As part of the loading process, the kernel supplies an AT_PHDR
value to userspace, which is meant to contain the virtual address of the main executable's program headers. The e_phoff
field of the ELF header contains the file offset of the main executable's program headers, which the kernel needs to translate into a virtual address.
As a reminder, there are three relevant address spaces in ELF files:
- File offsets (e.g.
e_phoff
in ELF header,p_offset
in program headers). - Ideal virtual adresses (e.g.
e_entry
in ELF header,p_vaddr
in program headers). - Actual virtual addresses.

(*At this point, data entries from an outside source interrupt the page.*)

(* Let $0<q<1$ and let $l$ be a non-negative integer. Then \[ q^{2}(1+q)^{2}[l+1]_{q^{2}}+q^{2l+4}+[l+1]_{q^{2}}!\sum_{n=1}^{\infty}\frac{(1/2|q^{2})_{n}^{2}}{[n+1]_{q^{2}}!\,[l+n+1]_{q^{2}}!}\,q^{2(l+2)(n+1)} =\frac{(1+q)^{2}\,([l+1]_{q^{2}}!)^{2}}{\pi_{q}\,(1/2|q^{2})_{l+1}^{2}}\,q^{9/4}. \]
   Context: Let $0<q<1$ and write $q^{x}=e^{x\log q}$. $[z]_{q^2}=\frac{1-q^{2z}}{1-q^2}$; $[0]_{q^2}!=1$, $[n]_{q^2}!=\prod_{k=1}^n[k]_{q^2}$; $(1/2|q^2)_n=\prod_{k=0}^{n-1}[1/2+k]_{q^2}$ (empty product $=1$). With $(z;q)_\infty=\prod_{k\ge0}(1-zq^k)$, $\pi_q=(1-q^2)q^{1/4}\frac{(q^2;q^2)_\infty^2}{(q;q^2)_\infty^2}$. *)

From Stdlib Require Import Reals Lra Lia ClassicalEpsilon.
Open Scope R_scope.

(* Limit of a real sequence (0 if it does not converge). *)
Definition lim_seq (u : nat -> R) : R :=
  match excluded_middle_informative (exists l, Un_cv u l) with
  | left H => proj1_sig (constructive_indefinite_description _ H)
  | right _ => 0
  end.

Fixpoint prod_upto (f : nat -> R) (n : nat) : R :=
  match n with
  | O => 1
  | S m => prod_upto f m * f m
  end.

Definition qpow (q x : R) : R := Rpower q x.

Definition qbr (q z : R) : R := (1 - qpow q (2 * z)) / (1 - q ^ 2).

Definition qfact (q : R) (n : nat) : R :=
  prod_upto (fun k => qbr q (INR (S k))) n.

Definition qhalf (q : R) (n : nat) : R :=
  prod_upto (fun k => qbr q (1/2 + INR k)) n.

Definition qpoch_inf (z p : R) : R :=
  lim_seq (fun N => prod_upto (fun k => 1 - z * p ^ k) N).

Definition pi_q (q : R) : R :=
  (1 - q ^ 2) * qpow q (1/4) * (qpoch_inf (q ^ 2) (q ^ 2)) ^ 2
    / (qpoch_inf q (q ^ 2)) ^ 2.

Definition series_term (q : R) (l n : nat) : R :=
  (qhalf q n) ^ 2 / (qfact q (n + 1) * qfact q (l + n + 1))
    * q ^ (2 * (l + 2) * (n + 1)).

From Stdlib Require Import Reals Lra Lia Psatz ClassicalEpsilon.
From Coquelicot Require Import Coquelicot.
Open Scope R_scope.

(* Let U(l) be the left-hand side, with q^(2l+4) read as the term n = 0 of the
   series, and write [k] := (1 - q^k) / (1 - q^2).  A contiguity relation between
   the terms with parameters (l, n), (l+1, n) and (l, n+1) makes the partial sums
   of [2l+3]^2 U(l+1) - [2l+4]^2 U(l) telescope to a multiple of a single term,
   which tends to 0.  Hence U(l) (1/2|q^2)_{l+1}^2 / ([l+1]_{q^2}!)^2 does not
   depend on l.  As l -> oo the series part of U(l) vanishes, the polynomial part
   tends to q^2 (1+q)^2 / (1 - q^2), and (1/2|q^2)_{l+1} / [l+1]_{q^2}! tends to
   (q;q^2)_oo / (q^2;q^2)_oo, a quotient of two positive infinite products; this
   value of the constant is the right-hand side. *)

Lemma lim_seq_of_is_lim_seq (v : nat -> R) (L : R) :
  is_lim_seq v L -> lim_seq v = L.
Proof.
  intro HL. apply is_lim_seq_Reals in HL. unfold lim_seq.
  destruct (excluded_middle_informative _) as [Hex | Hnot].
  - destruct (constructive_indefinite_description _ Hex) as [L' HL']; simpl.
    exact (UL_sequence v L' L HL' HL).
  - exfalso. apply Hnot. exists L. exact HL.
Qed.

Lemma is_lim_seq_unique_R (v : nat -> R) (a b : R) :
  is_lim_seq v a -> is_lim_seq v b -> a = b.
Proof.
  intros Ha Hb. apply is_lim_seq_unique in Ha. apply is_lim_seq_unique in Hb.
  rewrite Ha in Hb. now injection Hb.
Qed.

Lemma stationary_is_lim_seq (v : nat -> R) (L : R) :
  (forall n, v (S n) = v n) -> is_lim_seq v L -> forall n, v n = L.
Proof.
  intros Hstat HL n.
  assert (Hconst : forall m, v m = v 0%nat).
  { intro m. induction m as [|m IH]; [reflexivity | now rewrite Hstat]. }
  rewrite Hconst. apply (is_lim_seq_unique_R v); [| exact HL].
  apply (is_lim_seq_ext (fun _ => v 0%nat)); [| apply is_lim_seq_const].
  intro m. symmetry. apply Hconst.
Qed.

Lemma is_lim_seq_scal_l_R (u : nat -> R) (a l : R) :
  is_lim_seq u l -> is_lim_seq (fun n => a * u n) (a * l).
Proof. exact (is_lim_seq_scal_l u a l). Qed.

Lemma is_lim_seq_sum_Series (a : nat -> R) :
  ex_series a -> is_lim_seq (sum_f_R0 a) (Series a).
Proof.
  intro Ha. apply is_lim_seq_Reals, is_series_Reals, Series_correct, Ha.
Qed.

Lemma exp_le_one_minus (x b : R) :
  0 <= x <= b -> b < 1 -> exp (- (x / (1 - b))) <= 1 - x.
Proof.
  intros Hx Hb. set (y := x / (1 - b)).
  assert (Hprod : 1 <= (1 - x) * (1 + y)).
  { unfold y. replace ((1 - x) * (1 + x / (1 - b))) with (1 + x * (b - x) / (1 - b))
      by (field; lra).
    assert (0 <= x * (b - x) / (1 - b)) by (apply Rle_mult_inv_pos; nra). lra. }
  rewrite exp_Ropp, <- (Rmult_1_l (/ exp y)). apply Rle_div_l; [apply exp_pos |].
  pose proof (exp_ineq1_le y). nra.
Qed.

Definition qpoch_part (z p : R) (n : nat) : R := prod_upto (fun k => 1 - z * p ^ k) n.

Section InfiniteProduct.

Variables z p : R.
Hypotheses (hz : 0 <= z < 1) (hp : 0 <= p < 1).

Lemma qpoch_factor_bounds k : 0 <= z * p ^ k <= z.
Proof.
  assert (0 <= p ^ k <= 1).
  { split; [apply pow_le; lra |]. rewrite <- (pow1 k). apply pow_incr. lra. }
  split; nra.
Qed.

Lemma qpoch_part_pos n : 0 < qpoch_part z p n.
Proof.
  induction n as [|n IH]; unfold qpoch_part in *; simpl; [lra |].
  pose proof (qpoch_factor_bounds n). apply Rmult_lt_0_compat; lra.
Qed.

Lemma qpoch_part_decr n : qpoch_part z p (S n) <= qpoch_part z p n.
Proof.
  unfold qpoch_part at 1. simpl. fold (qpoch_part z p n).
  pose proof (qpoch_part_pos n). pose proof (qpoch_factor_bounds n). nra.
Qed.
(* Let $G=(V,E,w)$ be an undirected graph without self-loops, with $n\ge 2$ vertices, positive edge weights and conductance $\Phi_G>0$. Let $\mathcal{T}^*$ be an optimal HC tree of $G$ with dense branch $(A_0,\dots,A_k)$, $k\ge 0$. If $|A_k|\ge (n-1)/2$, then every HC tree $\mathcal{T}$ of $G$ satisfies $\mathrm{cost}_G(\mathcal{T})\le \frac{8}{\Phi_G}\cdot\mathrm{cost}_G(\mathcal{T}^* )$.
   Context: $d_u=\sum_v w_{uv}$, $\mathrm{vol}(S)=\sum_{u\in S}d_u$, $\mathrm{vol}(G)=\mathrm{vol}(V)$; $\Phi_G(S)=w(S,V\setminus S)/\mathrm{vol}(S)$, $\Phi_G=\min\{\Phi_G(S):\emptyset\ne S\subset V,\ \mathrm{vol}(S)\le\mathrm{vol}(V)/2\}$. An HC tree is a rooted binary tree whose leaves are in bijection with $V$, nodes identified with their leaf vertex sets and $|N|$ the number of such vertices; $\mathrm{cost}_G(\mathcal{T})=\sum_{\{u,v\}\in E}w_{uv}|\mathsf{leaves}(\mathcal{T}[u\vee v])|$ with $u\vee v$ the lowest common ancestor. Dense branch: the path $(A_0,\dots,A_k)$ from the root $A_0$ where each $A_{i+1}$ is the child of $A_i$ of larger volume, and $A_k$ has $\mathrm{vol}(A_k)>\mathrm{vol}(G)/2$ while both its children have volume at most $\mathrm{vol}(G)/2$. *)

From HB Require Import structures.
From mathcomp Require Import all_boot all_order all_algebra.
Set Implicit Arguments. Unset Strict Implicit. Unset Printing Implicit Defensive.
Import Order.TTheory GRing.Theory Num.Theory.
Local Open Scope ring_scope.

Inductive hctree (V : Type) : Type :=
| Leaf of V
| Node of hctree V & hctree V.
Arguments Leaf {V}.
Arguments Node {V}.

Fixpoint leaves {V : Type} (t : hctree V) : seq V :=
  match t with
  | Leaf v => [:: v]
  | Node l r => leaves l ++ leaves r
  end.

Definition is_hc_tree {V : finType} (t : hctree V) : Prop :=
  perm_eq (leaves t) (enum V).

Fixpoint lca_size {V : eqType} (t : hctree V) (u v : V) : nat :=
  match t with
  | Leaf _ => size (leaves t)
  | Node l r =>
      if (u \in leaves l) && (v \in leaves l) then lca_size l u v
      else if (u \in leaves r) && (v \in leaves r) then lca_size r u v
      else size (leaves t)
  end.

Section Graph.
Variables (R : realFieldType) (V : finType) (w : V -> V -> R).

Definition deg (u : V) : R := \sum_(v : V) w u v.
Definition vol (S : {set V}) : R := \sum_(u in S) deg u.
Definition volG : R := vol [set: V].
Definition cut (S : {set V}) : R := \sum_(u in S) \sum_(v in ~: S) w u v.
Definition cond_set (S : {set V}) : R := cut S / vol S.

Definition cond_adm (S : {set V}) : bool :=
  [&& S != set0, S != [set: V] & vol S <= volG / 2%:R].

Definition is_conductance (Phi : R) : Prop :=
  (exists2 S, cond_adm S & Phi = cond_set S) /\
  (forall S, cond_adm S -> Phi <= cond_set S).

(* cost_G(T) = sum over edges {u,v} of w_uv |leaves(T[u v v])|; written as
   half of the sum over ordered pairs (w symmetric, no self loops). *)
Definition hc_cost (t : hctree V) : R :=
  2%:R^-1 * \sum_(u : V) \sum_(v : V) w u v * (lca_size t u v)%:R.

Definition vol_node (t : hctree V) : R := \sum_(u <- leaves t) deg u.

(* Last node A_k of the dense branch: starting at the root, move to the child
   of larger volume until both children have volume <= vol(G)/2. *)
Fixpoint dense_end (t : hctree V) : hctree V :=
  match t with
  | Leaf _ => t
  | Node l r =>
      if (vol_node l <= volG / 2%:R) && (vol_node r <= volG / 2%:R) then t
      else if vol_node r <= vol_node l then dense_end l else dense_end r
  end.

Definition optimal_hc_tree (t : hctree V) : Prop :=
  is_hc_tree t /\ forall t', is_hc_tree t' -> hc_cost t <= hc_cost t'.
End Graph.

(* Let A_k = Node B C be the end of the dense branch of the tree Topt, of
   cost c*.  A leaf carries at most half of vol(G) (no self-loops), so A_k is not
   a leaf and vol(B), vol(C) <= vol(G)/2 <= vol(B) + vol(C).  Every edge leaving B
   (or C) has its lowest common ancestor at A_k or above, so by the conductance
   bound c* >= |A_k| cut(B) >= |A_k| Phi vol(B), and likewise for C; summing,
   |A_k| Phi vol(G) <= 4 c*.  On the other hand any HC tree costs at most
   n vol(G) / 2, and n <= 2 |A_k| + 1 <= 4 |A_k|. *)

From HB Require Import structures.
From mathcomp Require Import all_boot all_order all_algebra.
From mathcomp Require Import lra.
Import Order.TTheory GRing.Theory Num.Theory.
Local Open Scope ring_scope.
Set Implicit Arguments. Unset Strict Implicit.

Fixpoint subtree {V : Type} (s t : hctree V) : Prop :=
  s = t \/ match t with Leaf _ => False | Node l r => subtree s l \/ subtree s r end.

Section Trees.
Variable V : eqType.
Implicit Types (s t l r X Y : hctree V) (u v : V).

Lemma size_leaves_gt0 t : (0 < size (leaves t))%N.
Proof. by elim: t => //= l IHl r IHr; rewrite size_cat addn_gt0 IHl. Qed.

Lemma leaves_nonempty t : exists x, x \in leaves t.
Proof.
have := size_leaves_gt0 t.
by case: (leaves t) => // x s _; exists x; rewrite mem_head.
Qed.

Lemma lca_size_le t u v : (lca_size t u v <= size (leaves t))%N.
Proof.
elim: t => [x|l IHl r IHr] //=; rewrite size_cat.
case: ifP => _; first exact: leq_trans IHl (leq_addr _ _).
by case: ifP => _ //; exact: leq_trans IHr (leq_addl _ _).
Qed.

Lemma lca_sizeC t u v : lca_size t u v = lca_size t v u.
Proof.
elim: t => [x|l IHl r IHr] //=.
by rewrite (andbC (v \in leaves l)) (andbC (v \in leaves r)) IHl IHr.
Qed.

Lemma mem_leaves_subtree s t u : subtree s t -> u \in leaves s -> u \in leaves t.
Proof.
elim: t => [x|l IHl r IHr] /=; first by case=> // ->.
by case=> [->//|[H|H]] us; rewrite mem_cat ?(IHl H us) ?(IHr H us) ?orbT.
Qed.

Lemma uniq_leaves_subtree s t : subtree s t -> uniq (leaves t) -> uniq (leaves s).
Proof.
elim: t => [x|l IHl r IHr] /=; first by case=> // ->.
case=> [->//|[H|H]]; rewrite cat_uniq => /and3P[ul _ ur]; [exact: IHl|exact: IHr].
Qed.

Lemma leaves_disjoint l r u :
  uniq (leaves l ++ leaves r) -> u \in leaves l -> u \notin leaves r.
Proof.
by rewrite cat_uniq => /and3P[_ dis _] ul; apply: contra dis => ur; apply/hasP; exists u.
Qed.

Lemma lca_size_subtree s t u v :
  subtree s t -> uniq (leaves t) -> u \in leaves s ->
  (lca_size s u v <= lca_size t u v)%N.
Proof.
elim: t => [x|l IHl r IHr] /=; first by case=> // ->.
case=> [-> _ _ //|Hs] ut us.
have lca_le_child t' : (size (leaves t') <= size (leaves (Node l r)))%N ->
    (lca_size s u v <= lca_size t' u v)%N -> (lca_size s u v <= size (leaves (Node l r)))%N.
  by move=> le_t' le_s; apply: leq_trans le_s (leq_trans (lca_size_le _ _ _) le_t').
move: (ut); rewrite /= cat_uniq => /and3P[ul _ ur].
case: Hs => Hs.
- have ul' := mem_leaves_subtree Hs us.
  rewrite ul' (negbTE (leaves_disjoint ut ul')) /=.
  case: ifP => _; first exact: IHl.
  by apply: lca_le_child (IHl Hs ul us); rewrite size_cat leq_addr.
- have ur' := mem_leaves_subtree Hs us.
  have ul' : u \notin leaves l.
    by apply: contraL ur' => ul'; exact: leaves_disjoint ut ul'.
  rewrite (negbTE ul') ur' /=.
  case: ifP => _; first exact: IHr.
  by apply: lca_le_child (IHr Hs ur us); rewrite size_cat leq_addl.
Qed.

Lemma lca_size_child_out s X Y u v :
  (s = Node X Y \/ s = Node Y X) -> uniq (leaves s) ->
  u \in leaves X -> v \notin leaves X -> lca_size s u v = size (leaves s).
Proof.
case=> -> us uX vX /=; rewrite uX (negbTE vX) /=.
- by rewrite (negbTE (leaves_disjoint us uX)).
- by rewrite uniq_catC in us; rewrite (negbTE (leaves_disjoint us uX)).
Qed.

End Trees.

Section Graph.
Variables (R : realFieldType) (V : finType) (w : V -> V -> R).
Hypothesis w_sym : forall u v, w u v = w v u.
Hypothesis w_noloop : forall u, w u u = 0.
Hypothesis w_ge0 : forall u v, 0 <= w u v.

Notation half := (volG w / 2%:R).

Lemma deg_ge0 u : 0 <= deg w u.
Proof. exact: sumr_ge0. Qed.

Lemma vol_ge0 (S : {set V}) : 0 <= vol w S.
Proof. by apply: sumr_ge0 => u _; exact: deg_ge0. Qed.

Lemma cut_ge0 (S : {set V}) : 0 <= cut w S.
Proof. by apply: sumr_ge0 => u _; exact: sumr_ge0. Qed.

Lemma volGE : volG w = \sum_u deg w u.
Proof. by rewrite /volG /vol; apply: eq_bigl => u; rewrite in_setT. Qed.

Lemma vol_le_volG (S : {set V}) : vol w S <= volG w.
Proof.
rewrite volGE /vol big_mkcond /=; apply: ler_sum => u _.
by case: (u \in S) => //; exact: deg_ge0.
Qed.

Lemma vol_leaves t : uniq (leaves t) -> vol w [set x | x \in leaves t] = vol_node w t.
Proof. by move=> ut; rewrite /vol /vol_node big_uniq //; apply: eq_bigl => u; rewrite inE. Qed.

Lemma vol_node_hc_tree t : is_hc_tree t -> vol_node w t = volG w.
Proof.
by move=> ht; rewrite /vol_node (perm_big _ ht) big_enum volGE; apply: eq_bigl => u; rewrite inE.
Qed.

(* Each edge at x is counted again in the degree of its other endpoint. *)
Lemma deg_le_half x : deg w x <= half.
Proof.
suff : deg w x + deg w x <= volG w by lra.
rewrite volGE (bigD1 x) //= lerD2l.
have -> : deg w x = \sum_(v | v != x) w v x.
  by rewrite /deg (bigD1 x) //= w_noloop add0r; apply: eq_bigr => v _; exact: w_sym.
by apply: ler_sum => v _; rewrite /deg (bigD1 x) //= lerDl; exact: sumr_ge0.
Qed.

Lemma subtree_dense_end t : subtree (dense_end w t) t.
Proof.
elim: t => [x|l IHl r IHr] /=; first by left.
by case: ifP => _; [left | case: ifP => _; right; [left|right]].
Qed.

Lemma dense_end_Node t : half < vol_node w t ->
  exists B C, [/\ dense_end w t = Node B C,
    vol_node w B <= half, vol_node w C <= half & half <= vol_node w B + vol_node w C].
Proof.
rewrite /vol_node; elim: t => [x|l IHl r IHr] /=.
  by rewrite big_seq1 => /lt_le_trans/(_ (deg_le_half x)); rewrite ltxx.
rewrite big_cat /= => lt_half.
case: ifP => [/andP[Hl Hr]|]; first by exists l, r; split=> //; exact: ltW.
move/negbT; rewrite negb_and -!ltNge => Hn.
case: ifP => Hrl.
- by apply: IHl; case/orP: Hn => // Hr; exact: lt_le_trans Hr Hrl.
- move/negbT: Hrl; rewrite -ltNge => Hrl.
  by apply: IHr; case/orP: Hn => // Hl; exact: lt_trans Hl Hrl.
Qed.

Lemma conductance_le_cut Phi (S : {set V}) :
  is_conductance w Phi -> cond_adm w S -> Phi * vol w S <= cut w S.
Proof.
move=> [_ Phi_min] /Phi_min; rewrite /cond_set.
have [->|nz] := eqVneq (vol w S) 0; first by rewrite mulr0 cut_ge0.
by rewrite ler_pdivlMr // lt0r nz vol_ge0.
Qed.

Lemma volG_gt0 Phi : is_conductance w Phi -> 0 < Phi -> 0 < volG w.
Proof.
move=> [[S _ ->] _]; rewrite /cond_set.
have [->|nz _] := eqVneq (vol w S) 0; first by rewrite invr0 mulr0 ltxx.
by apply: lt_le_trans (vol_le_volG S); rewrite lt0r nz vol_ge0.
Qed.

(* Every edge crossing S is charged at least [a] leaves, once from each end. *)
Lemma hc_cost_ge_cut t (S : {set V}) (a : nat) :
  (forall u v, u \in S -> v \notin S -> (a <= lca_size t u v)%N) ->
  a%:R * cut w S <= hc_cost w t.
Proof.
move=> Ha.
pose g u v := if (u \in S) && (v \notin S) then w u v * a%:R else 0.
have sum_g : \sum_u \sum_v g u v = a%:R * cut w S.
  rewrite /cut mulr_sumr [RHS]big_mkcond /=; apply: eq_bigr => u _.
  rewrite /g; case: (u \in S) => /=; last by rewrite big1.
  rewrite mulr_sumr [RHS]big_mkcond /=; apply: eq_bigr => v _.
  by rewrite inE; case: (v \in S) => //=; rewrite mulrC.
have sum_g2 : \sum_u \sum_v (g u v + g v u) = a%:R * cut w S + a%:R * cut w S.
  rewrite -sum_g; under eq_bigr => x _ do rewrite big_split /=.
  by rewrite big_split /= [X in _ + X]exchange_big.
have le_g2 : \sum_u \sum_v (g u v + g v u) <= \sum_u \sum_v w u v * (lca_size t u v)%:R.
  apply: ler_sum => u _; apply: ler_sum => v _.
  rewrite /g; case Hu: (u \in S); case Hv: (v \in S) => /=;
    rewrite ?add0r ?addr0 ?mulr_ge0 ?ler0n //.
  - by apply: ler_wpM2l => //; rewrite ler_nat Ha ?Hu ?Hv.
  - by rewrite w_sym lca_sizeC; apply: ler_wpM2l => //; rewrite ler_nat Ha ?Hu ?Hv.
move: le_g2; rewrite sum_g2 /hc_cost; lra.
Qed.

Lemma hc_cost_le t : is_hc_tree t -> hc_cost w t <= 2%:R^-1 * (volG w * #|V|%:R).
Proof.
move=> ht; rewrite /hc_cost ler_wpM2l ?invr_ge0 ?ler0n //.
rewrite volGE mulr_suml; apply: ler_sum => u _; rewrite /deg mulr_suml.
apply: ler_sum => v _; rewrite ler_wpM2l // ler_nat.
by apply: leq_trans (lca_size_le _ _ _) _; rewrite (perm_size ht) -cardE.
Qed.

Section ChildOfSubtree.
Variables (t s X Y : hctree V).
Hypotheses (ut : uniq (leaves t)) (sub_st : subtree s t).
Hypothesis child_X : s = Node X Y \/ s = Node Y X.

Let us : uniq (leaves s) := uniq_leaves_subtree sub_st ut.

Lemma hc_cost_ge_child_cut :
  (size (leaves s))%:R * cut w [set x | x \in leaves X] <= hc_cost w t.
Proof.
apply: hc_cost_ge_cut => u v; rewrite !inE => uX vX.
rewrite -(lca_size_child_out child_X us uX vX) lca_size_subtree //.
by case: child_X => ->; rewrite /= mem_cat uX ?orbT.
Qed.

Lemma cond_adm_child : vol_node w X <= half -> cond_adm w [set x | x \in leaves X].
Proof.
have uXY : uniq (leaves X ++ leaves Y) by case: child_X us => ->; rewrite //= uniq_catC.
have [xX xXin] := leaves_nonempty X; have [xY xYin] := leaves_nonempty Y.
move=> vol_X; apply/and3P; split.
- by apply/set0Pn; exists xX; rewrite inE.
- apply/negP => /eqP XT; have : xY \in [set x | x \in leaves X] by rewrite XT in_setT.
  by rewrite inE => xYX; move: (leaves_disjoint (l := X) uXY xYX); rewrite xYin.
- by rewrite vol_leaves //; move: uXY; rewrite cat_uniq => /andP[].
Qed.

Lemma hc_cost_ge_child_vol Phi : is_conductance w Phi -> 0 <= Phi ->
  vol_node w X <= half -> (size (leaves s))%:R * (Phi * vol_node w X) <= hc_cost w t.
Proof.
move=> hPhi Phi_ge0 vol_X; apply: le_trans hc_cost_ge_child_cut.
have uX : uniq (leaves X) by case: child_X us => -> /=; rewrite cat_uniq => /and3P[].
rewrite ler_wpM2l // -(vol_leaves uX); exact: conductance_le_cut (cond_adm_child vol_X).
Qed.

End ChildOfSubtree.

Lemma hc_cost_ge_dense_end Phi t : is_conductance w Phi -> 0 < Phi -> is_hc_tree t ->
  (size (leaves (dense_end w t)))%:R * Phi * volG w <= 4%:R * hc_cost w t.
Proof.
move=> hPhi Phi_gt0 ht; have G_gt0 := volG_gt0 hPhi Phi_gt0.
have ut : uniq (leaves t) by rewrite (perm_uniq ht) enum_uniq.
have [|B [C [AkE volB volC volBC]]] := @dense_end_Node t.
  by rewrite vol_node_hc_tree //; lra.
have sub := subtree_dense_end t; rewrite AkE in sub *.
have lbB := hc_cost_ge_child_vol ut sub (or_introl erefl) hPhi (ltW Phi_gt0) volB.
have lbC := hc_cost_ge_child_vol ut sub (or_intror erefl) hPhi (ltW Phi_gt0) volC.
have A_ge0 : 0 <= (size (leaves (Node B C)))%:R :> R by [].
move: lbB lbC A_ge0 volBC; set A := (size _)%:R => lbB lbC A_ge0 volBC.
have : A * Phi * (volG w / 2%:R) <= A * Phi * (vol_node w B + vol_node w C).
  by rewrite ler_wpM2l // mulr_ge0 // ltW.
nra.
Qed.

End Graph.

Theorem mainTheorem5 (R : realFieldType) (V : finType) (w : V -> V -> R)
  (w_sym : forall u v, w u v = w v u)
  (w_noloop : forall u, w u u = 0)
  (w_ge0 : forall u v, 0 <= w u v)
  (n_ge2 : (2 <= #|V|)%N)
  (Phi : R) (hPhi : is_conductance w Phi) (Phi_gt0 : 0 < Phi)
  (Topt : hctree V) (hopt : optimal_hc_tree w Topt)
  (hAk : ((#|V|%:R - 1) / 2%:R <= (size (leaves (dense_end w Topt)))%:R :> R)) :
  forall T : hctree V, is_hc_tree T ->
    hc_cost w T <= 8%:R / Phi * hc_cost w Topt.
Proof.
move=> T hT; have [hTopt _] := hopt.
have lb := hc_cost_ge_dense_end w_sym w_noloop w_ge0 hPhi Phi_gt0 hTopt.
have ub := hc_cost_le w_ge0 hT.
have G_gt0 := volG_gt0 w_ge0 hPhi Phi_gt0.
have A_ge1 : 1 <= (size (leaves (dense_end w Topt)))%:R :> R.
  by rewrite ler1n size_leaves_gt0.
move: hAk lb ub A_ge1 G_gt0.
set A := (size _)%:R; set n := #|V|%:R; set G := volG w => hAk lb ub A_ge1 G_gt0.
have n_le : G * n <= G * (4%:R * A) by rewrite ler_wpM2l ?ltW //; lra.
rewrite mulrAC ler_pdivlMr //; nra.
Qed.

The mapping between (1) and (2) is potentially non-linear; the PT_LOAD
program headers can set up an arbitrarily complex mapping if so desired. In contrast, the mapping between (2) and (3) is very simple, and consists of a single offset value (randomly) chosen by the kernel at load-time.
To translate e_phoff
from (1) to (2), the correct approach is to find the particular PT_LOAD
header whose p_offset
/ p_filesz
range covers e_phoff
, and then compute e_phoff + p_vaddr - p_offset
using that PT_LOAD
header. Unfortunately, before kernel commit 0da1d50027 in March 2022 (released in 5.17.2, backported to 5.16.19 / 5.15.33 / 5.10.110), the kernel took the first PT_LOAD
header and used that for doing e_phoff + p_vaddr - p_offset
. This bug is benign if the first PT_LOAD
header has a p_offset
/ p_filesz
range which covers e_phoff
, and this happens to be the case for most ELF files produced by most compilers. This bug is also benign if p_vaddr - p_offset
as computed for the first PT_LOAD
equals p_vaddr - p_offset
as for the PT_LOAD
whose file range covers e_phoff
.
In cases where the bug isn't benign, its consequences are bad: an incorrect AT_PHDR
value will cause the dynamic linker to either segfault or fail to properly perform dynamic linking of the target executable (which in turn will likely cause a segfault fairly quickly).
In cases where polyfill-glibc needs to change e_phoff
, this bug presents a problem. It can't re-order PT_LOAD
commands to put the PT_LOAD
covering e_phoff
at the start of the list, as PT_LOAD
commands need to be in ascending p_vaddr
order (per the ELF specification, "Loadable segment entries in the program header table appear in ascending order, sorted on the p_vaddr member", and most loaders rely on this). If the first PT_LOAD
command specified a non-zero p_vaddr
, then polyfill-glibc could carve out some new virtual address space before the first PT_LOAD
command. Unfortunately, it is common for dynamic libraries and position-independent executables to have p_vaddr
of their first PT_LOAD
be equal to zero, which leaves no space before it. Instead, polyfill-glibc will insert a new PT_LOAD
at the start of the list, with p_vaddr
equal to whatever was previously first (to maintain the sorted order), p_filesz
equal to zero (so that p_offset
is not used for anything ‡), and p_offset
set such that p_vaddr - p_offset
of this new PT_LOAD
equals p_vaddr - p_offset
of the PT_LOAD
covering the program headers.
(‡) Except that glibc's dynamic loader always passes p_offset
of the first PT_LOAD
as the offset value to mmap
when establishing the base address of dynamic libraries and position-independent executables, even if p_filesz
of that PT_LOAD
is zero. Accordingly, polyfill-glibc needs to keep the p_offset
value within the range of allowable values for an mmap
offset.
A similar bug exists in ldconfig
in glibc versions prior to 2.31 (released February 2020), albeit translating d_un.d_val
of DT_STRTAB
from address space (2) to address space (1), rather than translating e_phoff
from address space (1) to address space (2), but the summary is the same: it uses p_vaddr - p_offset
of the first PT_LOAD
rather than using p_vaddr - p_offset
of the PT_LOAD
covering DT_STRTAB
. To work around this, if polyfill-glibc needs to move either the program headers or the dynamic string table, then it'll move both, ensuring that the same new PT_LOAD
command covers both, and then the workaround for the kernel also fixes things for ldconfig
.